31 de agosto de 2010

Curro de Verano

En verano esto de estar en el mercado laboral no lo llevo con calma. Como fui la última en llegar al curro, también soy la última en elegir fecha para irme de vacaciones. Consecuencia: No las tengo hasta finales de septiembre. ¡Ay, mujer, pero de qué te quejas, si está todo más barato!. Si, efectivamente, está todo más barato y más arrasado. Vete tú, a finales de septiembre, a pedirle al camarero que te sirva el pescaíto frito con una sonrisa. El susodicho camarero tiene unas ganas de encarar noviembre que no ve, porque hace semanas que tiene pesadillas con niños sedientos, padres histéricos y adolescentes hormonados que aún no han acabado la ESO y porque él es el que realmente está frito. Muestro mi más absoluta solidaridad hacia el obrero del sector servicios porque yo también lo fui.

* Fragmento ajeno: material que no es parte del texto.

Lemma mul_binz_left n m : (m.+1)%:Z * binz n m.+1 = (n%:Z - m%:Z) * binz n m.
Proof.
have [le_mn | lt_nm] := leqP m n.
  by rewrite subzn // /binz -!PoszM mul_bin_left.
by rewrite /binz !bin_small ?mulr0 //; lia.
Qed.

Lemma mul_binz_split k m :
  k%:Z * binz k m = m%:Z * binz k m + (m.+1)%:Z * binz k m.+1.
Proof. by rewrite mul_binz_left; ring. Qed.

Lemma sum_binz n m : \sum_(k < n) binz k m = binz n m.+1.
Proof.
elim: n => [|n IHn]; first by rewrite big_ord0 /binz bin0n.
by rewrite big_ord_recr /= IHn binzS addrC.
Qed.

Lemma mul_binz_central j :
  (j.+1)%:Z * binz (2 * j.+1) j.+1 = 2 * ((2 * j).+1)%:Z * binz (2 * j) j.
Proof.
have -> : (2 * j.+1 = (2 * j).+2)%N by lia.
rewrite mul_binz_diag /=.
have -> : binz (2 * j).+1 j = binz (2 * j).+1 j.+1.
  rewrite /binz -[in RHS]bin_sub; last by lia.
  by have -> : ((2 * j).+1 - j.+1 = j)%N by lia.
have -> : ((2 * j).+2)%:Z = 2 * (j.+1)%:Z by lia.
by rewrite -mulrA mul_binz_diag mulrA.
Qed.

Lemma bin_mul_bin n a b : (b <= a)%N ->
  ('C(n, a) * 'C(a, b) = 'C(n, b) * 'C(n - b, a - b))%N.
Proof.
move=> le_ba; have [le_an | lt_na] := leqP a n; last first.
  rewrite (bin_small lt_na) mul0n; have [le_bn | lt_nb] := leqP b n.
    by rewrite [X in (_ * X)%N]bin_small ?muln0 //; lia.
  by rewrite bin_small.
have le_bn : (b <= n)%N by lia.
apply/eqP; rewrite -(eqn_pmul2r (_ : 0 < b`! * (a - b)`! * (n - a)`!)%N); last first.
  by rewrite !muln_gt0 !fact_gt0.
have fact_ab := @bin_fact (n - b) (a - b) (leq_sub2r b le_an).
rewrite (_ : n - b - (a - b) = n - a)%N in fact_ab; [|lia].
apply/eqP; transitivity ('C(n, a) * ('C(a, b) * (b`! * (a - b)`!)) * (n - a)`!)%N.
  by ring.
rewrite bin_fact // -mulnA bin_fact // -(bin_fact le_bn) -fact_ab; ring.
Qed.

Durante mis veranos de universitaria trabajé en un hotel de turismo rural muy cuco, de estos que le encantan a los madrileños porque tiene de todo: monte, árboles, río, animales y hasta granjero con peto vaquero y camisa de cuadros. A la gente que venía de ciudad les encantaba. Llegaban en coche hasta la misma puerta del hotel como si fueran a encarar una travesía por el Amazonas y/o el Sahara: Pantalones de diez bolsillos, chaleco de diez bolsillos y chirucas. Ése era el uniforme para después pasarse tres de las siete tardes en el hotel durmiendo, otra en Llanes, otra en Potes, otra en la playa y la última en el autobús que sube a los Lagos. Las chirucas volvían impecables a Madrid. Claro que, la verdad, peor era cuando se veían con todo el vestuario encima y querían parecerse a Indiana Jones. Entonces les daba por ir al monte a caminar para, por último, perderse. La historia siempre era la misma: "Vamos a ir a dar un paseíllo por las montañas", decían. A lo que el dueño del hotel respondía: "Está bien, vayan por esa senda, no se desvíen, no coman nada que vean en el suelo, lleven una chaqueta y el teléfono. Los animales son de verdad, es decir, muerden, arañan y bufan. Si tienen cuernos son vacas, no toros de lidia, así que absténganse de hacerse los toreros. Por último, den la vuelta cuando vean que empieza a atardecer". Los excursionistas solían mirar al hotelero con una mezcla de indignación --"¡este se cree que somos tontos!"--y emoción --"¡hay vacas! ¿se dejarán torear?--. No fallaba. Cuatro horas después sonaba el teléfono: "Oye, ¿es el hotel?. Mira soy Isabel, la madrileña de la habitación siete, es que nos hemos perdido porque vimos un camino muy mono y nos desviamos, el niño comió una especie de bayas que se encontró y le sentaron mal, a mi marido le dio un revolcón un toro salvaje y le picó algo cuando cortaba unas ramas para hacer una cabaña salvadora porque nos olvidamos las chaquetas y la verdad, ya es de noche del todo, hace frío. ¿Qué hacemos?. ¡Ah! y respóndeme rápido que se me está acabando la batería".